- [Work item] Please transcribe exactly, and only, the lines of the data below between the line holding "match ks with" and the line holding "Definition scurve (p", inclusive.

- [Data listing]
....................
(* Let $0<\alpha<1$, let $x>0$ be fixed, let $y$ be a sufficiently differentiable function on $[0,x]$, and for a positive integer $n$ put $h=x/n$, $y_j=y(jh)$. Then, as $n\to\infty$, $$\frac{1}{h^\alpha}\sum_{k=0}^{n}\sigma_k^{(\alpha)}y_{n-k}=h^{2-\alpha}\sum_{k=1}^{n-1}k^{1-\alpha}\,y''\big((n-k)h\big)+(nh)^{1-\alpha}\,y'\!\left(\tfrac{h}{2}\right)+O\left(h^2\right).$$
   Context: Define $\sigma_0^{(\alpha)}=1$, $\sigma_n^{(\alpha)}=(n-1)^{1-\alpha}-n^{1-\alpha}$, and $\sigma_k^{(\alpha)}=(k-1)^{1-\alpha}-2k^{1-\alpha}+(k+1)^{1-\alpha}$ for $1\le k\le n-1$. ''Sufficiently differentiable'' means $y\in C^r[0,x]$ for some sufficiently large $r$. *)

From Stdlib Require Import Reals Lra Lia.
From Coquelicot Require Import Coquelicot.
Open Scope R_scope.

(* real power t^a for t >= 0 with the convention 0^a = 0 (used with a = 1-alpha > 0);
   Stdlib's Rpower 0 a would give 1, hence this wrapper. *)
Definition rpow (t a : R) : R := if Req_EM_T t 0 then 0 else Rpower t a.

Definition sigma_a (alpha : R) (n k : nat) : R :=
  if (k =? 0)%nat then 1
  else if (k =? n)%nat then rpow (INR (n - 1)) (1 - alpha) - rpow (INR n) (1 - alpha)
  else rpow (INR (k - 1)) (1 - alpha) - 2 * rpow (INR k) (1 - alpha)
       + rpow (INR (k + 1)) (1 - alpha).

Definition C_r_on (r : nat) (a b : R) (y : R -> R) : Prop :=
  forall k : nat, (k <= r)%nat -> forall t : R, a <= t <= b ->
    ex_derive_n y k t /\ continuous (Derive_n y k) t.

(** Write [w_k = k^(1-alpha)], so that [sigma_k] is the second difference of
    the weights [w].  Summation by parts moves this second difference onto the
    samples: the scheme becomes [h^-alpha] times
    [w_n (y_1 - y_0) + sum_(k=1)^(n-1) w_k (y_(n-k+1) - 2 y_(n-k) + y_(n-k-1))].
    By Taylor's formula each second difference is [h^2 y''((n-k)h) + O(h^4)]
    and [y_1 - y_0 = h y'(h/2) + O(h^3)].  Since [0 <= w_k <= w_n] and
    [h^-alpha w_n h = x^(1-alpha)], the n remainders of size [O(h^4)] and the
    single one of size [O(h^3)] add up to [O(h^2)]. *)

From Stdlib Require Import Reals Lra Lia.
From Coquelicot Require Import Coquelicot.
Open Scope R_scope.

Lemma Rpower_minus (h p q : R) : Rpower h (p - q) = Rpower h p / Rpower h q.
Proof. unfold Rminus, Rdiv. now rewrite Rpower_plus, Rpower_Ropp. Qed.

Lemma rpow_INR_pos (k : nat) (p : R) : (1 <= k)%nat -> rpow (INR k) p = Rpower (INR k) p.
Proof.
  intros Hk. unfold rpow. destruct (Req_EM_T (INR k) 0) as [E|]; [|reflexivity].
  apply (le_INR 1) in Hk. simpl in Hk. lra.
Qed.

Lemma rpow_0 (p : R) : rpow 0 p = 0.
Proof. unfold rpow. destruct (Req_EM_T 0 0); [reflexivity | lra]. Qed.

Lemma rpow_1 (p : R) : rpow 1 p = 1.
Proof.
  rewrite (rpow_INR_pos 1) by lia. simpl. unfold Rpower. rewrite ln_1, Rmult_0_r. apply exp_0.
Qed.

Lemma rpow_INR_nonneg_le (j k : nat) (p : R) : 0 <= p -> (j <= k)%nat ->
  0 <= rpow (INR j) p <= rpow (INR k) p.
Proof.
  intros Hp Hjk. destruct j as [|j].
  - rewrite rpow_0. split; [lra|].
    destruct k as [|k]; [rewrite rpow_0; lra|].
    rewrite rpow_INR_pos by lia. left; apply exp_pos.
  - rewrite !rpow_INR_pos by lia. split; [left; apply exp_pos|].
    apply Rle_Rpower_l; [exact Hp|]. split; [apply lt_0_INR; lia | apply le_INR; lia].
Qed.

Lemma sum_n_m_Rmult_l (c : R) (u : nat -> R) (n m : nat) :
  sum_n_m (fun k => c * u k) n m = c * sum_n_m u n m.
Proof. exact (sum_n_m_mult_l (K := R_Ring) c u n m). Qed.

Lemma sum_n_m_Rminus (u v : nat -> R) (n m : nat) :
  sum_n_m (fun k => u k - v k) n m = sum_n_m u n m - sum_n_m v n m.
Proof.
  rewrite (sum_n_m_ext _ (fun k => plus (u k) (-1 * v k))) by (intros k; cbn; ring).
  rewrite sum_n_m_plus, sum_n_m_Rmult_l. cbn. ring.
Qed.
....................
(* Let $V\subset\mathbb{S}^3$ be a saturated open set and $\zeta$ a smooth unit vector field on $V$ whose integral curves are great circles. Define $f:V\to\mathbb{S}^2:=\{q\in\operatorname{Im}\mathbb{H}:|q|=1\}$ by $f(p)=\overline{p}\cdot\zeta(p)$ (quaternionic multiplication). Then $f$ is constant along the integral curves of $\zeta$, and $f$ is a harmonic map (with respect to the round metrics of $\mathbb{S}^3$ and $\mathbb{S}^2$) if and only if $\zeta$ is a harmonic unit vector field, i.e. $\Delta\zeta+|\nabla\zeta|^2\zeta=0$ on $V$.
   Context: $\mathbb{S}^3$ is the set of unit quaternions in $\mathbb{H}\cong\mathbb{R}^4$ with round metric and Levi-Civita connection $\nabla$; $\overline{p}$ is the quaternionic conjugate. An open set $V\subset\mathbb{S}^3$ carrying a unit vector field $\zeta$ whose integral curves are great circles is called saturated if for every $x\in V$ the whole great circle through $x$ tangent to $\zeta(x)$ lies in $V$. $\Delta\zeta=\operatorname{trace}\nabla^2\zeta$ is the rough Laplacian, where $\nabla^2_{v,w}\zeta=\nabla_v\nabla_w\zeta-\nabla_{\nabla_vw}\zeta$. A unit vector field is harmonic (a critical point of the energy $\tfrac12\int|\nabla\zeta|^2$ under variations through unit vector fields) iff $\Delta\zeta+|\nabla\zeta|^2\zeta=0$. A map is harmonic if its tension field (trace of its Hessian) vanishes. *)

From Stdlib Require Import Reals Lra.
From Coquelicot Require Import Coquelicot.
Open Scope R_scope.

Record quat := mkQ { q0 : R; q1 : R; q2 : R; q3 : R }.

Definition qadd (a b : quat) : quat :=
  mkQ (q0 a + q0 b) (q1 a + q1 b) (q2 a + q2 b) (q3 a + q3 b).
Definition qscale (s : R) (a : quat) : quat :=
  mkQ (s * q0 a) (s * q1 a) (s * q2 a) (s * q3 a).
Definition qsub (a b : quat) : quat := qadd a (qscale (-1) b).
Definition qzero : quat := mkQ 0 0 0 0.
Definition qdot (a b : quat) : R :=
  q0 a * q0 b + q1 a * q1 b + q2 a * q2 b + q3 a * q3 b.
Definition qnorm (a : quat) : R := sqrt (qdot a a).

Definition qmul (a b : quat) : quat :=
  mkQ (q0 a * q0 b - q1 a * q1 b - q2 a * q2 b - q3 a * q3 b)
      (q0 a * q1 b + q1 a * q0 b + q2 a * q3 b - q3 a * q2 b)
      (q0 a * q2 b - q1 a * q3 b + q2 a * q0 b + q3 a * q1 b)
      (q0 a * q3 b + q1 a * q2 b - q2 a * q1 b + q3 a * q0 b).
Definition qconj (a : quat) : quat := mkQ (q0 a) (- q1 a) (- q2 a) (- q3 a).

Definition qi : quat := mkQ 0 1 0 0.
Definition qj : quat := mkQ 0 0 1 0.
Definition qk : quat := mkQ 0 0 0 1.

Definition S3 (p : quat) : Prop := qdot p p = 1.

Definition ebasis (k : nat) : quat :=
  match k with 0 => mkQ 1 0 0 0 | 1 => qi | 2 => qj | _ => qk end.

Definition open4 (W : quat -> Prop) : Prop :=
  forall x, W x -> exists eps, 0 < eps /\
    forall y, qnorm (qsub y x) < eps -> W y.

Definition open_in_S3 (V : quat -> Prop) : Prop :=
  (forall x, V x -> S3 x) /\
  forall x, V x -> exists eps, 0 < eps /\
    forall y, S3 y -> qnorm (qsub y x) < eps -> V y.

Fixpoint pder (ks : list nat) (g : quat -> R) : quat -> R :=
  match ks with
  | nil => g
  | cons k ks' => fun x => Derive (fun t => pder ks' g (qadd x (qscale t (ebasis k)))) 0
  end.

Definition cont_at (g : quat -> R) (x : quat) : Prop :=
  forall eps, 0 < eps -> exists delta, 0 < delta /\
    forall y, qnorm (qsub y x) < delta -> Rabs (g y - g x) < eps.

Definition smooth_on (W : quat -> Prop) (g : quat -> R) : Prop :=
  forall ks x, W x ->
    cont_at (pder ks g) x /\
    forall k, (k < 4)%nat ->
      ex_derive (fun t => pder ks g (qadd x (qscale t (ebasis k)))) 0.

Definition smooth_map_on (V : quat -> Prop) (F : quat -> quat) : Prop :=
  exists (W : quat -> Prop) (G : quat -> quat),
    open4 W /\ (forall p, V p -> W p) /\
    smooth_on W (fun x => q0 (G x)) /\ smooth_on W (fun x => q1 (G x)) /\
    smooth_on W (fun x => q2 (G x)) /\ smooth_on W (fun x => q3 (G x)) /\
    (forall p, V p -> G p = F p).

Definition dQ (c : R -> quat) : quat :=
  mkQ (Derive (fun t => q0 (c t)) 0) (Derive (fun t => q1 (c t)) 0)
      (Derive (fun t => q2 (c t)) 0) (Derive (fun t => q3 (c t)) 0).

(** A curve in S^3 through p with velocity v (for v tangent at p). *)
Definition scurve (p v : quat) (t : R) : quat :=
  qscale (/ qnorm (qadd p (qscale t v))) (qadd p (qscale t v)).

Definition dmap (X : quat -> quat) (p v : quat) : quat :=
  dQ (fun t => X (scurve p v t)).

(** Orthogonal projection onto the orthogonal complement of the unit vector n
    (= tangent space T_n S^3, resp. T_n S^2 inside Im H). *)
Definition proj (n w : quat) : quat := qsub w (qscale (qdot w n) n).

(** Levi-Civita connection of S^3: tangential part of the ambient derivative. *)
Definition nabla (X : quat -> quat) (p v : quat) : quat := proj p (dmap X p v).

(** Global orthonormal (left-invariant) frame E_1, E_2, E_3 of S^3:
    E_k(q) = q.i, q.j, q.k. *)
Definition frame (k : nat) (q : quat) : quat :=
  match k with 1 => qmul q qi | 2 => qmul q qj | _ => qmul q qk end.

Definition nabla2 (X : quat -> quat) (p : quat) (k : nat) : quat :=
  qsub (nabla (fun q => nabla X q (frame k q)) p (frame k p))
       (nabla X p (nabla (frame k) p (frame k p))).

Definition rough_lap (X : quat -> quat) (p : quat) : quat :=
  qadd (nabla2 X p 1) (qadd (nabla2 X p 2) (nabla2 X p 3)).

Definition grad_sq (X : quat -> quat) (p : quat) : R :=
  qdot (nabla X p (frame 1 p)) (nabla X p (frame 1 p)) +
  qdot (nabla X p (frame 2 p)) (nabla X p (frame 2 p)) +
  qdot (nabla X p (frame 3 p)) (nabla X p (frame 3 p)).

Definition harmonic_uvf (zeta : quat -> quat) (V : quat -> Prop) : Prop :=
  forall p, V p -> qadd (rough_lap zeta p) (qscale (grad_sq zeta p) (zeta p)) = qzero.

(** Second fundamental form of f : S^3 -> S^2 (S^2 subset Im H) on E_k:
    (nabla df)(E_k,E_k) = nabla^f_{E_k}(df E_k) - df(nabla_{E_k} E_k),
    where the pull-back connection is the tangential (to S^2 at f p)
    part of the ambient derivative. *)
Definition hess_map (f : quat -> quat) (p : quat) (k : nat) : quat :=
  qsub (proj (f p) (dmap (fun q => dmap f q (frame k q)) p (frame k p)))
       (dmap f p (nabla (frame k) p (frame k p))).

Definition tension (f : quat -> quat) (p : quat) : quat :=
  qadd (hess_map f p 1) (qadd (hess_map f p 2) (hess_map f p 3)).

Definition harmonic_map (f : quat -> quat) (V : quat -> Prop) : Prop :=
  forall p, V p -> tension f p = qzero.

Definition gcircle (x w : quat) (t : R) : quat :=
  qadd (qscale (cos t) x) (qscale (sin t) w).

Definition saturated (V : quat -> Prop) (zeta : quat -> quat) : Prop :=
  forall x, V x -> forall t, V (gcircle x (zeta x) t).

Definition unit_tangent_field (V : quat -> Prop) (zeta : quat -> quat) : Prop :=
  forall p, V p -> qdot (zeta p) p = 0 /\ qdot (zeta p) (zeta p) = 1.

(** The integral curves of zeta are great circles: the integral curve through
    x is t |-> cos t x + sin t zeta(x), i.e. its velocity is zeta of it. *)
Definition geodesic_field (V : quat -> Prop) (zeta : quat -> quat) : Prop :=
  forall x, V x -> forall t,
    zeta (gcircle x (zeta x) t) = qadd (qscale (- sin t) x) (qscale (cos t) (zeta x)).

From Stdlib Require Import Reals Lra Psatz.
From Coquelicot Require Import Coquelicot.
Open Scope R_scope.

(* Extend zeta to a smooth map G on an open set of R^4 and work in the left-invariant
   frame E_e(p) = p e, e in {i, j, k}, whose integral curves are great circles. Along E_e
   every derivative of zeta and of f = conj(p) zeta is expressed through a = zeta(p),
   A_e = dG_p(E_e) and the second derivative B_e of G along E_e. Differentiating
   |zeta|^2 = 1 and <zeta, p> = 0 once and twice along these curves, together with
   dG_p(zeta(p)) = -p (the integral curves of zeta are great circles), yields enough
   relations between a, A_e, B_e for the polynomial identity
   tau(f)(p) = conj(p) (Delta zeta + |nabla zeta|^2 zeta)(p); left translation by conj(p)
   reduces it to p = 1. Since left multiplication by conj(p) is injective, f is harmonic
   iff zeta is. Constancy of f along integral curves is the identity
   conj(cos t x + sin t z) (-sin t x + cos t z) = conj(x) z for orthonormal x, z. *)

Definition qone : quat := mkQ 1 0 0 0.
....................
- [Output for this task]
  match ks with
  | nil => g
  | cons k ks' => fun x => Derive (fun t => pder ks' g (qadd x (qscale t (ebasis k)))) 0
  end.

Definition cont_at (g : quat -> R) (x : quat) : Prop :=
  forall eps, 0 < eps -> exists delta, 0 < delta /\
    forall y, qnorm (qsub y x) < delta -> Rabs (g y - g x) < eps.

Definition smooth_on (W : quat -> Prop) (g : quat -> R) : Prop :=
  forall ks x, W x ->
    cont_at (pder ks g) x /\
    forall k, (k < 4)%nat ->
      ex_derive (fun t => pder ks g (qadd x (qscale t (ebasis k)))) 0.

Definition smooth_map_on (V : quat -> Prop) (F : quat -> quat) : Prop :=
  exists (W : quat -> Prop) (G : quat -> quat),
    open4 W /\ (forall p, V p -> W p) /\
    smooth_on W (fun x => q0 (G x)) /\ smooth_on W (fun x => q1 (G x)) /\
    smooth_on W (fun x => q2 (G x)) /\ smooth_on W (fun x => q3 (G x)) /\
    (forall p, V p -> G p = F p).

Definition dQ (c : R -> quat) : quat :=
  mkQ (Derive (fun t => q0 (c t)) 0) (Derive (fun t => q1 (c t)) 0)
      (Derive (fun t => q2 (c t)) 0) (Derive (fun t => q3 (c t)) 0).

(** A curve in S^3 through p with velocity v (for v tangent at p). *)
Definition scurve (p v : quat) (t : R) : quat :=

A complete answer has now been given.